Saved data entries
┌──

Lemma subr_le_sigmoidB x y :
  x - y <= (sigmoid x - sigmoid y) * (2 + expR x + expR (- y)).
Proof.
have u0 : 0 < expR (- x) := expR_gt0 _.
have v0 : 0 < expR (- y) := expR_gt0 _.
have ex : expR x = (expR (- x))^-1 by rewrite expRN invrK.
rewrite ex /sigmoid; set u := expR (- x) in u0 *; set v := expR (- y) in v0 *.
have u1 : 1 + u != 0 by rewrite gt_eqF //; lra.
have v1 : 1 + v != 0 by rewrite gt_eqF //; lra.
(* [e^(x - y) = v / u = (1 + a) (1 + b)] with [a + b] the right-hand side,
   and [1 + z <= e^z]. *)
pose a := (v - u) / (1 + u); pose b := (v - u) / (u * (1 + v)).
have ab_sum : a + b = (1 / (1 + u) - 1 / (1 + v)) * (2 + u^-1 + v).
  by rewrite /a /b; field; rewrite u1 v1 gt_eqF.
rewrite -ab_sum -ler_expR [expR (a + b)]expRD.
have -> : expR (x - y) = (1 + a) * (1 + b).
  rewrite expRD ex -/u -/v /a /b; field.
  by rewrite u1 v1 gt_eqF.
apply: ler_pM; rewrite ?expR_ge1Dx //.
- have -> : 1 + a = (1 + v) / (1 + u) by rewrite /a; field.
  by apply: divr_ge0; lra.
- have -> : 1 + b = v * (1 + u) / (u * (1 + v)).
    by rewrite /b; field; rewrite v1 gt_eqF.
  by apply: divr_ge0; apply: mulr_ge0; lra.
Qed.

Lemma sigmoid_nondecreasing : nondecreasing_fun (@sigmoid R).
Proof.
move=> y x yx; rewrite -subr_ge0.
have M0 : 0 < 2 + expR x + expR (- y) by rewrite !addr_gt0 ?expR_gt0.
rewrite -(pmulr_lge0 _ M0); apply: le_trans (subr_le_sigmoidB x y).
by rewrite subr_ge0.
Qed.

Lemma measurable_sigmoid : measurable_fun setT (@sigmoid R).
Proof. exact: nondecreasing_measurable sigmoid_nondecreasing. Qed.

Lemma dist_le_sigmoid_dist M x y : `|x| <= M -> `|y| <= M ->
  `|x - y| <= 4 * expR M * `|sigmoid x - sigmoid y|.
Proof.
wlog yx : x y / y <= x => [wlog_yx xM yM|].
  have [/wlog_yx|/ltW/wlog_yx] := leP y x; first exact.
  by rewrite distrC [`|sigmoid _ - _|]distrC; exact.
move=> /ler_normlP[xM' xM] /ler_normlP[yM' yM].
rewrite !ger0_norm ?subr_ge0 ?sigmoid_nondecreasing //.
apply: le_trans (subr_le_sigmoidB x y) _.
rewrite mulrC ler_wpM2r ?subr_ge0 ?sigmoid_nondecreasing //.
have : expR x <= expR M by rewrite ler_expR.
have : expR (- y) <= expR M by rewrite ler_expR; lra.
have := expR_ge1Dx M; lra.
Qed.
End Sigmoid.

Definition bern {R : realType} (p : R) (y : bool) : R := if y then p else 1 - p.

Section Hellinger.
Variable R : realType.
Implicit Types p q : R.

Lemma hellinger2_ge0 (P Q : bool -> R) : 0 <= hellinger2 P Q.
Proof. by apply: sumr_ge0 => y _; exact: sqr_ge0. Qed.

Lemma sqrB_le_sqrtB p q : 0 <= p <= 1 -> 0 <= q <= 1 ->
  (p - q) ^+ 2 <= 4 * (Num.sqrt p - Num.sqrt q) ^+ 2.
Proof.
move=> /andP[p0 p1] /andP[q0 q1].
have sp := sqrtr_ge0 p; have sq := sqrtr_ge0 q.
have sp2 : Num.sqrt p ^+ 2 = p by rewrite sqr_sqrtr.
have sq2 : Num.sqrt q ^+ 2 = q by rewrite sqr_sqrtr.
have -> : (p - q) ^+ 2 =
    (Num.sqrt p + Num.sqrt q) ^+ 2 * (Num.sqrt p - Num.sqrt q) ^+ 2.
  by rewrite -{1}sp2 -{1}sq2; ring.
rewrite ler_wpM2r ?sqr_ge0 //.
have : 0 <= (Num.sqrt p - Num.sqrt q) ^+ 2 := sqr_ge0 _.
have : (Num.sqrt p + Num.sqrt q) ^+ 2 + (Num.sqrt p - Num.sqrt q) ^+ 2 = 2 * (p + q).
  by rewrite -[in RHS]sp2 -[in RHS]sq2; ring.
lra.
Qed.

Lemma sqrB_le_hellinger2_bern p q : 0 <= p <= 1 -> 0 <= q <= 1 ->
  (p - q) ^+ 2 <= 2 * hellinger2 (bern p) (bern q).
Proof.
move=> p01 q01; rewrite /hellinger2 big_bool /=.
have p01' : 0 <= 1 - p <= 1 by move: p01 => /andP[] *; apply/andP; split; lra.
have q01' : 0 <= 1 - q <= 1 by move: q01 => /andP[] *; apply/andP; split; lra.
have := sqrB_le_sqrtB p01 q01; have := sqrB_le_sqrtB p01' q01'.
have -> : (1 - p) - (1 - q) = - (p - q) by ring.
rewrite sqrrN; lra.
Qed.

Lemma measurable_hellinger2_bern d (S : measurableType d) (p q : S -> R) :
  measurable_fun setT p -> measurable_fun setT q ->
  measurable_fun setT (fun s => hellinger2 (bern (p s)) (bern (q s))).
Proof.
move=> mp mq; rewrite /hellinger2.
have msqrt : measurable_fun setT (@Num.sqrt R).
  by apply: continuous_measurable_fun; exact: sqrt_continuous.
apply: measurable_sum => -[]; apply: measurable_funX; apply: measurable_funB;
  apply: measurableT_comp msqrt _ => //=; exact: measurable_funB.
Qed.
End Hellinger.

Lemma sqr_le_hellinger2_sigmoid (R : realType) (M x y : R) :
  `|x| <= M -> `|y| <= M ->
  (y - x) ^+ 2 <= (4 * Num.sqrt 2 * expR M) ^+ 2 *
    hellinger2 (bern (sigmoid x)) (bern (sigmoid y)).
Proof.
move=> xM yM; rewrite -sqrrN opprB.
have sigmoid01 (z : R) : 0 <= sigmoid z <= 1 by rewrite sigmoid_ge0 sigmoid_le1.
have := sqrB_le_hellinger2_bern (sigmoid01 x) (sigmoid01 y).
have le_xy : `|x - y| ^+ 2 <= (4 * expR M * `|sigmoid x - sigmoid y|) ^+ 2.
  by rewrite !expr2 ler_pM ?dist_le_sigmoid_dist.
rewrite exprMn !real_normK ?num_real // in le_xy => le_sig.
apply: le_trans le_xy _.
have -> : forall H, (4 * Num.sqrt 2 * expR M) ^+ 2 * H = (4 * expR M) ^+ 2 * (2 * H).
  by move=> H; rewrite !exprMn sqr_sqrtr //; ring.
by rewrite ler_wpM2l ?sqr_ge0.
Qed.

Lemma sqr_reward_gap_le_hellinger2 (R : realType) (Rb x x' y y' : R) :
  - Rb <= x <= Rb -> - Rb <= x' <= Rb -> - Rb <= y <= Rb -> - Rb <= y' <= Rb ->
  ((y - y') - (x - x')) ^+ 2 <= (8 * Num.sqrt 2 * expR (2 * Rb)) ^+ 2 *
    hellinger2 (bern (sigmoid (x - x'))) (bern (sigmoid (y - y'))).
Proof.
have gapB u u' : - Rb <= u <= Rb -> - Rb <= u' <= Rb -> `|u - u'| <= 2 * Rb.
  by move=> /andP[? ?] /andP[? ?]; apply/ler_normlP; split; lra.
move=> xB x'B yB y'B.
apply: le_trans (sqr_le_hellinger2_sigmoid (gapB _ _ xB x'B) (gapB _ _ yB y'B)) _.
rewrite ler_wpM2r ?hellinger2_ge0 // ler_pXn2r ?nnegrE ?mulr_ge0 ?sqrtr_ge0 ?expR_ge0 //.
by rewrite -!mulrA ler_pM2r ?mulr_gt0 ?sqrtr_gt0 ?expR_gt0 //; lra.
Qed.

Section AmGm.
Variable R : realType.

Lemma mul_abs_le_amgm (K t p w D H : R) :
  0 < K -> 0 < t -> 0 <= p -> 0 < w -> D ^+ 2 <= K ^+ 2 * H ->
  p * `|D| <= K / 2 * (t * (p * (p / w)) + w * H / t).
Proof.
move=> K0 t0 p0 w0 DH.
pose c := t * K / w.
have c0 : 0 < c by rewrite /c divr_gt0 ?mulr_gt0.
have amgm : 2 * (p * `|D|) <= c * p ^+ 2 + `|D| ^+ 2 / c.
  rewrite -subr_ge0.
  have -> : c * p ^+ 2 + `|D| ^+ 2 / c - 2 * (p * `|D|) = (c * p - `|D|) ^+ 2 / c.
    by field; rewrite gt_eqF.
  by rewrite divr_ge0 ?sqr_ge0 ?ltW.
have DHc : `|D| ^+ 2 / c <= K ^+ 2 * H / c.
  by rewrite ler_pM2r ?invr_gt0 // real_normK ?num_real.
have -> : K / 2 * (t * (p * (p / w)) + w * H / t) = (c * p ^+ 2 + K ^+ 2 * H / c) / 2.
  by rewrite /c; field; rewrite !gt_eqF.
lra.
Qed.

Lemma sum_abs_le_amgm (A : finType) (p q w : A -> R) (D H : A -> A -> R) (K t : R) :
  0 < K -> 0 < t -> (forall a, 0 <= p a) -> (forall a, 0 <= q a) ->
  \sum_a q a = 1 -> (forall a, 0 < w a) ->
  (forall a a', D a a' ^+ 2 <= K ^+ 2 * H a a') ->
  \sum_a \sum_a' p a * q a' * `|D a a'| <=
  K / 2 * (t * \sum_a p a * (p a / w a) +
           (\sum_a \sum_a' w a * q a' * H a a') / t).
Proof.
move=> K0 t0 p0 q0 q1 w0 DH.
have -> : \sum_a p a * (p a / w a) = \sum_a \sum_a' q a' * (p a * (p a / w a)).
  by apply: eq_bigr => a _; rewrite -mulr_suml q1 mul1r.
rewrite mulr_suml !mulr_sumr -big_split /= mulr_sumr; apply: ler_sum => a _.
rewrite mulr_suml !mulr_sumr -big_split /= mulr_sumr; apply: ler_sum => a' _.
rewrite [leRHS](_ : _ =
  q a' * (K / 2 * (t * (p a * (p a / w a)) + w a * H a a' / t))); last by ring.
by rewrite mulrAC mulrC ler_wpM2l ?mul_abs_le_amgm.
Qed.
End AmGm.

Section Optimisation.
Variable R : realType.

Lemma le_mul_sqrt_of_amgm (K F G H : R) : 0 < K -> 0 <= G -> 0 <= H ->
  (forall t, 0 < t -> F <= K / 2 * (t * G + H / t)) ->
  F <= K * Num.sqrt (G * H).
Proof.
move=> K0 G0 H0 amgm.
have [F_le0|F0] := leP F 0.
  by apply: le_trans F_le0 _; rewrite mulr_ge0 ?sqrtr_ge0 ?ltW.
apply: le_trans (_ : F <= Num.sqrt (K ^+ 2 * (G * H))) _; last first.
  by rewrite sqrtrM ?sqr_ge0 // sqrtr_sqr gtr0_norm.
have K2GH0 : 0 <= K ^+ 2 * (G * H) by rewrite mulr_ge0 ?sqr_ge0 ?mulr_ge0.
rewrite -[leLHS]gtr0_norm // -sqrtr_sqr ler_sqrt //.
have [G_gt0|G_le0] := ltP 0 G; last first.
  have G_eq0 : G = 0 by apply/eqP; rewrite eq_le G_le0.
  rewrite {}G_eq0 {G_le0 G0} in amgm *.
  (* For [G = 0] the bound [K H / (2 t)] drops below [F] once [t] is large. *)
  have t0 : 0 < K * (H + 1) / F by rewrite divr_gt0 ?mulr_gt0 //; lra.
  have := amgm _ t0.
  have -> : K / 2 * (K * (H + 1) / F * 0 + H / (K * (H + 1) / F)) =
            F * H / (2 * (H + 1)).
    by field; rewrite !gt_eqF //; lra.
  rewrite ler_pdivlMr; last lra.
  have := mulr_ge0 (ltW F0) H0.
  by rewrite mul0r mulr0; nra.
have t0 : 0 < F / (K * G) by rewrite divr_gt0 ?mulr_gt0.
have := amgm _ t0.
have -> : K / 2 * (F / (K * G) * G + H / (F / (K * G))) =
          F / 2 + K ^+ 2 * G * H / F / 2.
  by field; rewrite !gt_eqF.
move=> le_F; have : F <= K ^+ 2 * G * H / F by lra.
by rewrite ler_pdivlMr // -expr2 !mulrA.
Qed.

Local Open Scope ereal_scope.

Lemma le_mul_sqrte_of_amgm (K : R) (F G H : \bar R) :
  (0 < K)%R -> 0 < G -> 0 < H ->
  (forall t, (0 < t)%R -> F <= (K / 2 * t)%:E * G + (K / 2 / t)%:E * H) ->
  F <= K%:E * sqrte (G * H).
Proof.
move=> K0 + + amgm; case: G amgm => [G| |] + //; case: H => [H| |] amgm //=.
- rewrite !lte_fin => G0 H0.
  case: F amgm => [F| |] amgm; last by rewrite leNye.
    rewrite -EFinM lee_fin; apply: le_mul_sqrt_of_amgm => //; try exact: ltW.
    move=> t t0.
    have -> : (K / 2 * (t * G + H / t) = K / 2 * t * G + K / 2 / t * H)%R by ring.
    by rewrite -lee_fin EFinD !EFinM amgm.
  by have := amgm 1%R ltr01; rewrite -!EFinM -EFinD leye_eq.
- by move=> G0 _; rewrite gt0_muley //= gt0_muley ?leey ?lte_fin.
- by move=> _ H0; rewrite gt0_mulye //= gt0_muley ?leey ?lte_fin.
- by move=> _ _; rewrite gt0_muley ?leey ?lte_fin.
Qed.
End Optimisation.

Section IntegralAmGm.
Context d (S : measurableType d) (R : realType) (mu : {measure set S -> \bar R}).
Variables (f g h : S -> R) (K : R).
Hypotheses (K0 : 0 < K) (mf : measurable_fun setT f) (mg : measurable_fun setT g)
  (mh : measurable_fun setT h) (f0 : forall s, 0 <= f s) (g0 : forall s, 0 <= g s)
  (h0 : forall s, 0 <= h s)
  (amgm : forall s t, 0 < t -> f s <= K / 2 * (t * g s + h s / t)).
Local Open Scope ereal_scope.

Let integral_EFin_ge0 (u : S -> R) : (forall s, (0 <= u s)%R) ->
  0 <= \int[mu]_s (u s)%:E.
Proof. by move=> u0; apply: integral_ge0 => s _; rewrite lee_fin. Qed.

Let integral_le0_of_vanishing (u : S -> R) : measurable_fun setT u ->
  (forall s, (0 <= u s)%R) -> (forall s, u s = 0%R -> (f s <= 0)%R) ->
  \int[mu]_s (u s)%:E = 0 -> \int[mu]_s (f s)%:E <= 0.
Proof.
move=> m_u u0 uf Iu0.
have u_ae0 : ae_eq mu setT (fun s => (u s)%:E) (cst 0).
  apply/(ae_eq_integral_abs mu measurableT _).1; first exact/measurable_EFinP.
  by rewrite -Iu0; apply: eq_integral => s _; rewrite gee0_abs ?lee_fin.
rewrite -(integral0 mu setT); apply: ae_ge0_le_integral => //.
- by move=> s _; rewrite lee_fin.
- exact/measurable_EFinP.
- apply: filterS u_ae0 => s /= us0 _.
  by rewrite lee_fin uf //; case: (us0 I).
Qed.

Let integral_le_amgm t : (0 < t)%R ->
  \int[mu]_s (f s)%:E <= (K / 2 * t)%:E * \int[mu]_s (g s)%:E +
                          (K / 2 / t)%:E * \int[mu]_s (h s)%:E.
Proof.
move=> t0.
have c1 : (0 <= K / 2 * t)%R by rewrite mulr_ge0 ?divr_ge0 ?ltW.
have c2 : (0 <= K / 2 / t)%R by rewrite !divr_ge0 ?ltW.
have mgE : measurable_fun setT (fun s => (g s)%:E) by exact/measurable_EFinP.
have mhE : measurable_fun setT (fun s => (h s)%:E) by exact/measurable_EFinP.
have gZ0 s : 0 <= (K / 2 * t)%:E * (g s)%:E by rewrite -EFinM lee_fin mulr_ge0.
have hZ0 s : 0 <= (K / 2 / t)%:E * (h s)%:E by rewrite -EFinM lee_fin mulr_ge0.
rewrite -!ge0_integralZl_EFin // -?ge0_integralD //;
  try by [move=> s _; rewrite lee_fin | exact: emeasurable_funM].
apply: ge0_le_integral => //.
- by move=> s _; rewrite lee_fin.
- exact/measurable_EFinP.
- by apply: emeasurable_funD; apply: emeasurable_funM.
move=> s _; rewrite -!EFinM -EFinD lee_fin.
by rewrite [leRHS](_ : _ = K / 2 * (t * g s + h s / t))%R ?amgm //; ring.
Qed.
Lemma Jeff_ge_eps_inv n P Q :
  (forall u, (u < n)%nat -> 0 < P u) -> (forall u, (u < n)%nat -> 0 < Q u) ->
  sumU n P = 1 -> sumU n Q = 1 ->
  0 <= sumU n (fun u => Rabs (P u - Q u)) / 2 < 1 /\
  eps_inv (sumU n (fun u => Rabs (P u - Q u)) / 2) <= Jeff n P Q.
Proof.
  intros HP HQ HP1 HQ1.
  set (s := ge_at P Q); set (s' := fun u => negb (s u)).
  set (p := sumU_sel n s P); set (q := sumU_sel n s Q).
  set (p' := sumU_sel n s' P); set (q' := sumU_sel n s' Q).
  assert (Hp1 : p + p' = 1) by (rewrite <- HP1; symmetry; apply sumU_sel_split).
  assert (Hq1 : q + q' = 1) by (rewrite <- HQ1; symmetry; apply sumU_sel_split).
  rewrite sumU_Rabs_sub; fold s s' p q p' q'.
  replace ((p - q + (q' - p')) / 2) with (p - q) by lra.
  assert (Hqp : q <= p).
  { apply sumU_le; intros u Hu; unfold s, ge_at; destruct (Rle_dec (Q u) (P u)); lra. }
  assert (Hq0 : 0 <= q) by (apply sumU_sel_nonneg; intros; left; auto).
  assert (Hp'0 : 0 <= p') by (apply sumU_sel_nonneg; intros; left; auto).
  assert (HJ : 2 * Jeff n P Q
               = sumU_sel n s (fun u => (P u - Q u) * ln (P u / Q u))
                 + sumU_sel n s' (fun u => (P u - Q u) * ln (P u / Q u)))
    by (rewrite Jeff_sumU; auto; apply sumU_sel_split).
  destruct (Req_dec p q) as [Epq|Hpq].
  - rewrite Epq, Rminus_diag; unfold eps_inv; rewrite Rmult_0_l; split; [lra|].
    assert (0 <= 2 * Jeff n P Q); [|lra].
    rewrite Jeff_sumU by auto; apply sumU_nonneg; intros; apply jeffreys_term_nonneg; auto.
  - assert (Hq : 0 < q) by (apply (sumU_sel_gt0 n s Q HQ), (sumU_sel_gt0 n s P HP); fold p; lra).
    assert (Hp' : 0 < p')
      by (apply (sumU_sel_gt0 n s' P HP), (sumU_sel_gt0 n s' Q HQ); fold q'; lra).
    assert (Hbin := ln_odds_ratio_ge p q Hq ltac:(lra) ltac:(lra)).
    assert (Hblock := sumU_sel_jeffreys_ge n s P Q HP HQ ltac:(fold p; lra) Hq).
    assert (Hblock' := sumU_sel_jeffreys_ge n s' P Q HP HQ Hp' ltac:(fold q'; lra)).
    fold p q in Hblock; fold p' q' in Hblock'.
    replace p' with (1 - p) in Hblock' by lra; replace q' with (1 - q) in Hblock' by lra.
    split; [lra|]; unfold eps_inv.
    assert (Hmul := Rmult_le_compat_l (p - q) _ _ ltac:(lra) Hbin).
    lra.
Qed.

Lemma ceilR_ge y : y <= IZR (ceilR y).
Proof. unfold ceilR; rewrite minus_IZR; destruct (archimed (- y)); simpl; lra. Qed.

Lemma c_dl_pos n d l : (0 < n)%nat -> 0 < INR d -> 0 < c_dl n d l.
Proof.
  intros Hn Hd; apply sumU_pos; auto; intros u _; apply Rinv_0_lt_compat, pow_lt; auto.
Qed.

Lemma Q_dl_pos n d l u : (0 < n)%nat -> 0 < INR d -> 0 < Q_dl n d l u.
Proof.
  intros Hn Hd; apply Rdiv_lt_0_compat; [apply Rinv_0_lt_compat, pow_lt; auto|].
  apply c_dl_pos; auto.
Qed.

Lemma sumU_Q_dl n d l : (0 < n)%nat -> 0 < INR d -> sumU n (Q_dl n d l) = 1.
Proof.
  intros Hn Hd; pose proof (c_dl_pos n d l Hn Hd).
  unfold Q_dl, Rdiv; rewrite (sumU_ext n _ (fun u => / c_dl n d l * / INR d ^ l u))
    by (intros; ring).
  rewrite sumU_scal; fold (c_dl n d l); field; lra.
Qed.

(* The excess of l(u) over the ideal length log_d (1/P(u)), measured in nats. *)
Definition redundancy_at (d : nat) (P : nat -> R) (l : nat -> nat) (u : nat) : R :=
  ln (P u) + INR (l u) * ln (INR d).

Lemma redundancy_at_nonneg d P l u : 1 < INR d -> 0 < P u ->
  (ceilR (logb d (/ P u)) <= Z.of_nat (l u))%Z -> 0 <= redundancy_at d P l u.
Proof.
  intros Hd HPu Hl.
  assert (Hlnd : 0 < ln (INR d)) by (rewrite <- ln_1; apply ln_increasing; lra).
  assert (Hlog : logb d (/ P u) <= INR (l u)).
  { apply Rle_trans with (1 := ceilR_ge _); rewrite INR_IZR_INZ; apply IZR_le; auto. }
  unfold logb in Hlog; rewrite ln_Rinv in Hlog by auto.
  apply Rle_div_l in Hlog; auto; unfold redundancy_at; lra.
Qed.

Lemma redundancy_scaled n d P l : 1 < INR d ->
  redundancy n d P l * ln (INR d) = sumU n (fun u => P u * redundancy_at d P l u).
Proof.
  intros Hd; assert (0 < ln (INR d)) by (rewrite <- ln_1; apply ln_increasing; lra).
  unfold redundancy, logb; rewrite Rmult_plus_distr_r, <- !(Rmult_comm (ln (INR d))).
  rewrite <- !sumU_scal, <- sumU_plus; apply sumU_ext; intros u _.
  unfold redundancy_at; field; lra.
Qed.

Section CodeDistribution.

Variables (n d : nat) (P : nat -> R) (l : nat -> nat).
Hypotheses (Hn : (0 < n)%nat) (Hd : 1 < INR d)
  (HP : forall u, (u < n)%nat -> 0 < P u) (HP1 : sumU n P = 1).

Let Q := Q_dl n d l.
Let c := c_dl n d l.
Let rho := redundancy_at d P l.

Let Hc : 0 < c. Proof. apply c_dl_pos; auto; lra. Qed.
Let HQ u : 0 < Q u. Proof. apply Q_dl_pos; auto; lra. Qed.

Lemma ln_div_Q_dl u : (u < n)%nat -> ln (P u / Q u) = rho u + ln c.
Proof.
  intros Hu; pose proof (HP u Hu); pose proof (pow_lt (INR d) (l u) ltac:(lra)).
  unfold Q, Q_dl; fold c.
  replace (P u / (/ INR d ^ l u / c)) with (P u * (INR d ^ l u * c)) by (field; lra).
  rewrite !ln_mult, ln_pow by (try apply Rmult_lt_0_compat; auto; lra).
  unfold rho, redundancy_at; ring.
Qed.

Lemma KL_P_Q_dl : KL n P Q = sumU n (fun u => P u * rho u) + ln c.
Proof.
  unfold KL; rewrite (sumU_ext n _ (fun u => P u * rho u + ln c * P u)).
  - rewrite sumU_plus, sumU_scal, HP1; ring.
  - intros u Hu; rewrite ln_div_Q_dl by auto; ring.
Qed.

Lemma KL_Q_dl_P_le : (forall u, (u < n)%nat -> 0 <= rho u) -> KL n Q P <= - ln c.
Proof.
  intros Hrho; unfold KL.
  replace (- ln c) with (sumU n (fun u => - ln c * Q u))
    by (rewrite sumU_scal; unfold Q; rewrite sumU_Q_dl by (auto; lra); ring).
  apply sumU_le; intros u Hu.
  assert (Hinv : ln (Q u / P u) = - (rho u + ln c)).
  { rewrite <- ln_div_Q_dl, <- ln_Rinv by (auto; apply Rdiv_lt_0_compat; auto).
    f_equal; pose proof (HP u Hu); pose proof (HQ u); field; lra. }
  rewrite Hinv; pose proof (Hrho u Hu); pose proof (HQ u); nra.
Qed.

Lemma Jeff_Q_dl_le : (forall u, (u < n)%nat -> 0 <= rho u) ->
  Jeff n P Q <= redundancy n d P l * ln (INR d) / 2.
Proof.
  intros Hrho; unfold Jeff; rewrite redundancy_scaled, KL_P_Q_dl by auto.
  pose proof KL_Q_dl_P_le Hrho; unfold rho in *; lra.
Qed.

End CodeDistribution.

└──

◆ **Work order**
For each line in the records that holds "Variables", show that line as it stands.

◆ **Your response**
Variables (f g h : S -> R) (K : R).
Variables (n d : nat) (P : nat -> R) (l : nat -> nat).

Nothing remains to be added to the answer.